EXERCISE DATA —
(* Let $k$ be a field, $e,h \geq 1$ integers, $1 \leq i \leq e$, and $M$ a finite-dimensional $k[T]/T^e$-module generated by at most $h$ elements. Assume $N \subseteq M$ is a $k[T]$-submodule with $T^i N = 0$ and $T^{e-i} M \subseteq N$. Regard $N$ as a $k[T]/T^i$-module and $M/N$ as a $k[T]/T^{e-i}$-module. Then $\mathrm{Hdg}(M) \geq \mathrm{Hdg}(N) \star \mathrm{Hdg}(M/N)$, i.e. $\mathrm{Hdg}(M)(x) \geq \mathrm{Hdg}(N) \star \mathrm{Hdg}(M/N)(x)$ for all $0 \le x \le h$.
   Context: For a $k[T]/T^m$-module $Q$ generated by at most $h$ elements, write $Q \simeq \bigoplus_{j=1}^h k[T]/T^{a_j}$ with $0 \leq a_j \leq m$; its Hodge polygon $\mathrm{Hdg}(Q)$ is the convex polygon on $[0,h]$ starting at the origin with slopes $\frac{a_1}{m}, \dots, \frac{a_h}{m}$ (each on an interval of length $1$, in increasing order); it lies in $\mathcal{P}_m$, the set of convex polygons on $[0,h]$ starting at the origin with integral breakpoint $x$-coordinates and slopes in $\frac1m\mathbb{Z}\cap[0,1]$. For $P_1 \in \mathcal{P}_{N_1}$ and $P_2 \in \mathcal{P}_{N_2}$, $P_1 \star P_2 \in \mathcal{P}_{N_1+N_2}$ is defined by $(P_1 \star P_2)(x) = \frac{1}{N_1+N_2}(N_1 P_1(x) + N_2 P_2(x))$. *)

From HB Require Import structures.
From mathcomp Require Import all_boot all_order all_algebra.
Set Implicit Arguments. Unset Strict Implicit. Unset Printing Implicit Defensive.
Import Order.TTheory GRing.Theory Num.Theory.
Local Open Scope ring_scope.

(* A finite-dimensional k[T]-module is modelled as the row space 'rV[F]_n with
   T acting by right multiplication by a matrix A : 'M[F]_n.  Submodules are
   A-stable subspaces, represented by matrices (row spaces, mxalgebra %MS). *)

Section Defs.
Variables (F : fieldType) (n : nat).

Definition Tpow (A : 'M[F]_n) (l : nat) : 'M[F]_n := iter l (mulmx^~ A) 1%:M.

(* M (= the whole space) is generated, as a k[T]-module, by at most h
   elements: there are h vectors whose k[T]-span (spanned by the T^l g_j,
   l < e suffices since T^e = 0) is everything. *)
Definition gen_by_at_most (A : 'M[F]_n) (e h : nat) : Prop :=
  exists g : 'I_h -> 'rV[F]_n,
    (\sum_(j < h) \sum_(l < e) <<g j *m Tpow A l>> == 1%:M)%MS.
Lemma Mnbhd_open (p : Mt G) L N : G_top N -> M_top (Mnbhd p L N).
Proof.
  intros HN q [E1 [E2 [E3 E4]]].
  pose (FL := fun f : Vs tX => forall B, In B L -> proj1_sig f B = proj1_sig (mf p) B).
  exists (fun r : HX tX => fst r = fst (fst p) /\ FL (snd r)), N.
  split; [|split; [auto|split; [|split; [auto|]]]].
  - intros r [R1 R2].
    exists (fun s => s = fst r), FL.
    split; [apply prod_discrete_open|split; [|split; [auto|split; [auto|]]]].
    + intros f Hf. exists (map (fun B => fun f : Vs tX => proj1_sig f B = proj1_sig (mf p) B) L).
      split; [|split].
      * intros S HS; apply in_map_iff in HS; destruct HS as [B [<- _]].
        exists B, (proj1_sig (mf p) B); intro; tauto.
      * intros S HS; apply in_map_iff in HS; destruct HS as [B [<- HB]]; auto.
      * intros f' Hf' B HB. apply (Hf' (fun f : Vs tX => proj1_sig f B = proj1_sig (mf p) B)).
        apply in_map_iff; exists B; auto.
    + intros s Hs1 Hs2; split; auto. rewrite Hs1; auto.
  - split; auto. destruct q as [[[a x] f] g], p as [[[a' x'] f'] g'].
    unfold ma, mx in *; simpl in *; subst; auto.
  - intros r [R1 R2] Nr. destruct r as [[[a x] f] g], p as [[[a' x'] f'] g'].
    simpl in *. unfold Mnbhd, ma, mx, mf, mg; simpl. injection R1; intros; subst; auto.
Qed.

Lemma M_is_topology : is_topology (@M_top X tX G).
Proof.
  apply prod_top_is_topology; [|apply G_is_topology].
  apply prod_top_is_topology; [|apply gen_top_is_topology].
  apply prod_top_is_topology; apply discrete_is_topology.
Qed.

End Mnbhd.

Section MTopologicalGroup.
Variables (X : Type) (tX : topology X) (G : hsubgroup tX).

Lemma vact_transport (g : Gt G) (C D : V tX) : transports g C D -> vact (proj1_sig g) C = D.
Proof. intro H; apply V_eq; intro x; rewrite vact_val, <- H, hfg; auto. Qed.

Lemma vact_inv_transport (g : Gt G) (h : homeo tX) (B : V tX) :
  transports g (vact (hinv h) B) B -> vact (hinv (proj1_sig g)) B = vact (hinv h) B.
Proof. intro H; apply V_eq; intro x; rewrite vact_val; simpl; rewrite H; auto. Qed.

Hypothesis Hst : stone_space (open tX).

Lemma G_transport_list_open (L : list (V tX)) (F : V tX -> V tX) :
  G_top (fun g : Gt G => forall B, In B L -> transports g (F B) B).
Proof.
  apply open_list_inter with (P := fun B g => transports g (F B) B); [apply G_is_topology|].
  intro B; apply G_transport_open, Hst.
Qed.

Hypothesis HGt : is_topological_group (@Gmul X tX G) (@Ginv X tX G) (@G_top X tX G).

==

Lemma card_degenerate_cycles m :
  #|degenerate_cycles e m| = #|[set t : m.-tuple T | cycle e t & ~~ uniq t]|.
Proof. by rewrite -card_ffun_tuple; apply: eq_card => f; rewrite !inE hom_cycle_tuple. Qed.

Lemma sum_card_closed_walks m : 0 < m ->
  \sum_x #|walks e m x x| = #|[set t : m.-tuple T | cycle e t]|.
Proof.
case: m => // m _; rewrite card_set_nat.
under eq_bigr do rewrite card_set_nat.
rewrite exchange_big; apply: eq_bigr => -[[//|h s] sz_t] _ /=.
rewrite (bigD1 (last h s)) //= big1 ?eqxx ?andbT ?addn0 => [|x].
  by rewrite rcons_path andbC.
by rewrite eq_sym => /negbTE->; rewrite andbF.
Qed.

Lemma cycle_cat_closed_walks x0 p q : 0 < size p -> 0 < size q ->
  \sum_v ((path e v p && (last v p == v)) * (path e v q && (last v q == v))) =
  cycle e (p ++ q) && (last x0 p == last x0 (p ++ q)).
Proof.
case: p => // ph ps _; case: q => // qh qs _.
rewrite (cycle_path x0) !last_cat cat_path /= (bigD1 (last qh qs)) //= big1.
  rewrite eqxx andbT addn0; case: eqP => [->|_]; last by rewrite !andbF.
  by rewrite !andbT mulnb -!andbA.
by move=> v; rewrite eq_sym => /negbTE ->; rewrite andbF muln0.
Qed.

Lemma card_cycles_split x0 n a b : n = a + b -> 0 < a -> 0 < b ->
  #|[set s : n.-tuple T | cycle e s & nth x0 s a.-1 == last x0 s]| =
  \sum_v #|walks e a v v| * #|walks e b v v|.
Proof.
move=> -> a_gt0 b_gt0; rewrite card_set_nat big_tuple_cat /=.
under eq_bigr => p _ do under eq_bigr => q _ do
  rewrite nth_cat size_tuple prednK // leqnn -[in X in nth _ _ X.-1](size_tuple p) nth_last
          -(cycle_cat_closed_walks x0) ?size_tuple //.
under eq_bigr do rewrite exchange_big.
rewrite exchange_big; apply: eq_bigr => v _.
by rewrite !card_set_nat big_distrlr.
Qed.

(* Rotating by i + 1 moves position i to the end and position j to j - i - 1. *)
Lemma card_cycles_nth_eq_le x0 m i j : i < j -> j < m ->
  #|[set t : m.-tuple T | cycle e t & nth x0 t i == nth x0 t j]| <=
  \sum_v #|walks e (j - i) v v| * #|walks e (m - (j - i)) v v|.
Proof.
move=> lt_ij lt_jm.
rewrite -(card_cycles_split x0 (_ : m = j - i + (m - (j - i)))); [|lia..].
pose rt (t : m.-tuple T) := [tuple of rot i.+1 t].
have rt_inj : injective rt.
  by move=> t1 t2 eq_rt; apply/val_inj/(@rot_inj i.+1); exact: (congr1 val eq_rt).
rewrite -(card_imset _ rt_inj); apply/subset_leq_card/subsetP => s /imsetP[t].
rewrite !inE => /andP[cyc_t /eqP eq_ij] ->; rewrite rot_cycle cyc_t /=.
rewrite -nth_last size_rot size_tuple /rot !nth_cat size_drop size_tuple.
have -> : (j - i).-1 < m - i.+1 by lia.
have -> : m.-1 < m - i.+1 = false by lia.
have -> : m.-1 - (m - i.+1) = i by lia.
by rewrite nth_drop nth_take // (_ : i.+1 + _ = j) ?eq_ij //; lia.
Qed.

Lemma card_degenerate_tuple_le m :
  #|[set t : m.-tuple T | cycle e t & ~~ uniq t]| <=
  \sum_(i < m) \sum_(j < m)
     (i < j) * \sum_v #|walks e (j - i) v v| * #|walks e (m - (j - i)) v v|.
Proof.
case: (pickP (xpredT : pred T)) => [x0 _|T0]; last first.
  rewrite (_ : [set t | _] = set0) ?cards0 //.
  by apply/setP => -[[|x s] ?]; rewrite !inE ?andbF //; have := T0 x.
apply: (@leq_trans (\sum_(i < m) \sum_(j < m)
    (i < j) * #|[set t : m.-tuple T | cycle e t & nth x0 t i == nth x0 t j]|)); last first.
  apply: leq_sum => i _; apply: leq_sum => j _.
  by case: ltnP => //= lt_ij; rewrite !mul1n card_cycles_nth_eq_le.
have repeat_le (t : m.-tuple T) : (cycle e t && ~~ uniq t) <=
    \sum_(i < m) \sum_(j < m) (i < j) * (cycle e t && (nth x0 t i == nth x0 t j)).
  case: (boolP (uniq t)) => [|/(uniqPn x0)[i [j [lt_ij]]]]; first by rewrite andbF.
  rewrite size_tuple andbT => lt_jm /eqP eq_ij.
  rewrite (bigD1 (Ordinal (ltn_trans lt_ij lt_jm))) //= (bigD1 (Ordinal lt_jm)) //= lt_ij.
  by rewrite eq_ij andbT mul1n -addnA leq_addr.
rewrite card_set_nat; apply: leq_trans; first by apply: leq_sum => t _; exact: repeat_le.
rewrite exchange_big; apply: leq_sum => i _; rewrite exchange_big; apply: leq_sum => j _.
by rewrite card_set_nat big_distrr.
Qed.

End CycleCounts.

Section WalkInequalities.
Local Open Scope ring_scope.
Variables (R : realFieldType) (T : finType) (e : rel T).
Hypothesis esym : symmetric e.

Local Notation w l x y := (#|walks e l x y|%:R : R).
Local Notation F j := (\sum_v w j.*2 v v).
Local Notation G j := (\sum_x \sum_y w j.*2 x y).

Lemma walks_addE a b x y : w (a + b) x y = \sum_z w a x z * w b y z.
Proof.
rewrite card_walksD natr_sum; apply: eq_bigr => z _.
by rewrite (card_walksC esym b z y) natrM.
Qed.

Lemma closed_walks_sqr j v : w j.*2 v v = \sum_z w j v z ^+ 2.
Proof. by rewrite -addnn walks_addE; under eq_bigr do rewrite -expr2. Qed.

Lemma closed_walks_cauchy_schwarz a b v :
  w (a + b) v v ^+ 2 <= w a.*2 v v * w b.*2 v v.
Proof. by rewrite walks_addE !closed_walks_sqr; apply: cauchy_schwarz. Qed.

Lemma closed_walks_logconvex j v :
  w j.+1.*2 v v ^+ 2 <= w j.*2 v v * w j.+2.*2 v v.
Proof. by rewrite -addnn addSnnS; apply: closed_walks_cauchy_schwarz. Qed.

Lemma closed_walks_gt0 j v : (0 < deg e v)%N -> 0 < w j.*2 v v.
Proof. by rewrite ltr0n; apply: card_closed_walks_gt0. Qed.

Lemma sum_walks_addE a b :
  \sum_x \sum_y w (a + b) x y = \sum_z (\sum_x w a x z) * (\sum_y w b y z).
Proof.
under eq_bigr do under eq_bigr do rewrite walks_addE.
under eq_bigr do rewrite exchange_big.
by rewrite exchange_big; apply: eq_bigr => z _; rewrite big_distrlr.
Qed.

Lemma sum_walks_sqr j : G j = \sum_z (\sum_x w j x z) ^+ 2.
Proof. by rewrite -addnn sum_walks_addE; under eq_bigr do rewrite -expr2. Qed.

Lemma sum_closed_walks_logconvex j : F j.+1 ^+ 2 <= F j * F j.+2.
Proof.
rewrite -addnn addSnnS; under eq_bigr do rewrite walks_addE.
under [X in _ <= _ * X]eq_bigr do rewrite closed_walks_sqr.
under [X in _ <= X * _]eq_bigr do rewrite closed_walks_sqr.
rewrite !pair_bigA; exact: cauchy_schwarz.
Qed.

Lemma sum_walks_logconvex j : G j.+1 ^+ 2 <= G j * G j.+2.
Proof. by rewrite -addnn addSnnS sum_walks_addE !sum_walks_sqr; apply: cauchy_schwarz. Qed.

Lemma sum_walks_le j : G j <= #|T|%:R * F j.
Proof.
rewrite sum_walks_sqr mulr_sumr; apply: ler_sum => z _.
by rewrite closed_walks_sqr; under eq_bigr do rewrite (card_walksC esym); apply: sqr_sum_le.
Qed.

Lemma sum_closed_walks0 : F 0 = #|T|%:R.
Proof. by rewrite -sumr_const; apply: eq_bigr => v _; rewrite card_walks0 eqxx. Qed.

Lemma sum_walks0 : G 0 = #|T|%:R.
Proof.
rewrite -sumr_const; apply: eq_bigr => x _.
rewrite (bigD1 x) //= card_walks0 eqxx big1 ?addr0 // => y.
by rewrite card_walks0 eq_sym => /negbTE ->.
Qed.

...

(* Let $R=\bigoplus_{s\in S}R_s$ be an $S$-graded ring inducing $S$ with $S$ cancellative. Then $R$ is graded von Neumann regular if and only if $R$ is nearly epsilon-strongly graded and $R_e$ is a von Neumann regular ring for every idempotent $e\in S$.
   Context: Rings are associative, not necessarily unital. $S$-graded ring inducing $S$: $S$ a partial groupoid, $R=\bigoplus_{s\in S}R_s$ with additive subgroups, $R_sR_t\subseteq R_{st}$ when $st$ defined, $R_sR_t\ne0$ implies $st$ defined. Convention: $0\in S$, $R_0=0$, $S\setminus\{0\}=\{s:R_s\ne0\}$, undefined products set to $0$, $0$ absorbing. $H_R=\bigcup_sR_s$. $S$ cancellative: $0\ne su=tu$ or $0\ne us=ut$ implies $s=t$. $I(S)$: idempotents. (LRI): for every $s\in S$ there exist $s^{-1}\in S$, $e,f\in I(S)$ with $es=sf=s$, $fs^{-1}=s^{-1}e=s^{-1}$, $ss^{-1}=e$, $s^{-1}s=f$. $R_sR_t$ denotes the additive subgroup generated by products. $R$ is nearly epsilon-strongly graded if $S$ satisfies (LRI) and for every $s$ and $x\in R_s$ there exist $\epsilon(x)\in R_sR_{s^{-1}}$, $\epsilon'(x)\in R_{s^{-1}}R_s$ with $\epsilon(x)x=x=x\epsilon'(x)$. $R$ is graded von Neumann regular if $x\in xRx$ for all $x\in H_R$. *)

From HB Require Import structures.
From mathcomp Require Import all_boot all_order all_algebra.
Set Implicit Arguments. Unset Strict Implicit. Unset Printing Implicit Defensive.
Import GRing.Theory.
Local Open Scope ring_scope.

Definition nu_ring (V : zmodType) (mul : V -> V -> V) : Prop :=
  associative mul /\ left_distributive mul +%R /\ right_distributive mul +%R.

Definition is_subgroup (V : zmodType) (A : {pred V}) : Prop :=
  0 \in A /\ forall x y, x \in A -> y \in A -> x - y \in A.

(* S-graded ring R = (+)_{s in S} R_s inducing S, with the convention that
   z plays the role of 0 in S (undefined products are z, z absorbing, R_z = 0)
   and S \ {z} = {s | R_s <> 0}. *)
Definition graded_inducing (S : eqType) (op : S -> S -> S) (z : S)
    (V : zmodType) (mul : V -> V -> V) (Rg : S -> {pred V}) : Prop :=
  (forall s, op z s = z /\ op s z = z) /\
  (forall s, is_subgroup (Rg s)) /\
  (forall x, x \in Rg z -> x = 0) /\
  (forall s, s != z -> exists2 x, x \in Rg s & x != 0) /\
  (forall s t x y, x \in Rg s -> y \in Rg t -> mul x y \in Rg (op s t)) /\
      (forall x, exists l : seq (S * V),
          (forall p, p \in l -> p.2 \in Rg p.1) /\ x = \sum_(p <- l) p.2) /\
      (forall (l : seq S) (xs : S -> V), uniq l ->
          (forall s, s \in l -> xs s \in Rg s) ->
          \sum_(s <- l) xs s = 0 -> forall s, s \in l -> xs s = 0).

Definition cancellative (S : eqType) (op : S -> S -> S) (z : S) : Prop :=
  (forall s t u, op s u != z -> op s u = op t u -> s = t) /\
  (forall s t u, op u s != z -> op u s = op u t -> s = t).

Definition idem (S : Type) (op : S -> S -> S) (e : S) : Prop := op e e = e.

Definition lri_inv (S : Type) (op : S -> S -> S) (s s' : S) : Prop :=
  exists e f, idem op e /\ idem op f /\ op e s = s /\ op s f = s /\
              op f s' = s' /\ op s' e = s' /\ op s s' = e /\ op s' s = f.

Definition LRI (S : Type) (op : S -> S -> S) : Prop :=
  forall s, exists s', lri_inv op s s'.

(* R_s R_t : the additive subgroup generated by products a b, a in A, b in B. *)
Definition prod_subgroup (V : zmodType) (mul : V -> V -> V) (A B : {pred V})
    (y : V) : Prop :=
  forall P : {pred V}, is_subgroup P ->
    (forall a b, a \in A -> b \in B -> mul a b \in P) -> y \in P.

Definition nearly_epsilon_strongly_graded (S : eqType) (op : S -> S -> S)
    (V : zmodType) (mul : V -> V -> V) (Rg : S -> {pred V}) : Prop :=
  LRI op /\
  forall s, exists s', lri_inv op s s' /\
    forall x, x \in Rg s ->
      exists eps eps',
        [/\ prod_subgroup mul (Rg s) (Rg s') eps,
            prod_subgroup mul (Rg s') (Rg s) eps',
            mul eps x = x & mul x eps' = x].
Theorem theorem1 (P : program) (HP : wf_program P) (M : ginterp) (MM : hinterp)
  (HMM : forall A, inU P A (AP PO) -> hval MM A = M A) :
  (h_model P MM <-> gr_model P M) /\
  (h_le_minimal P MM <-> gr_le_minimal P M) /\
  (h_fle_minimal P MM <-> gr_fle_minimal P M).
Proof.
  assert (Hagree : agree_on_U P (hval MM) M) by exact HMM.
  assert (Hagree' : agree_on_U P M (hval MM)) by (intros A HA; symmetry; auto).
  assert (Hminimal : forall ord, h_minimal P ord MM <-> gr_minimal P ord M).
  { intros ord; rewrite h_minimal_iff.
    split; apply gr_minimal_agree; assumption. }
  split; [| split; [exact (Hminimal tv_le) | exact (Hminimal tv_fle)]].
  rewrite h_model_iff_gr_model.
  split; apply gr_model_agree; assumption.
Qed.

WHAT NEEDS TO BE DONE — Look above for the line holding "by rewrite eq_sym", then set down exactly that line and every line after it up to and including the line holding "case: p => // ph ps _; case: q => // qh qs _.", with nothing else.

YOUR SOLUTION —
by rewrite eq_sym => /negbTE->; rewrite andbF.
Qed.

Lemma cycle_cat_closed_walks x0 p q : 0 < size p -> 0 < size q ->
  \sum_v ((path e v p && (last v p == v)) * (path e v q && (last v q == v))) =
  cycle e (p ++ q) && (last x0 p == last x0 (p ++ q)).
Proof.
case: p => // ph ps _; case: q => // qh qs _.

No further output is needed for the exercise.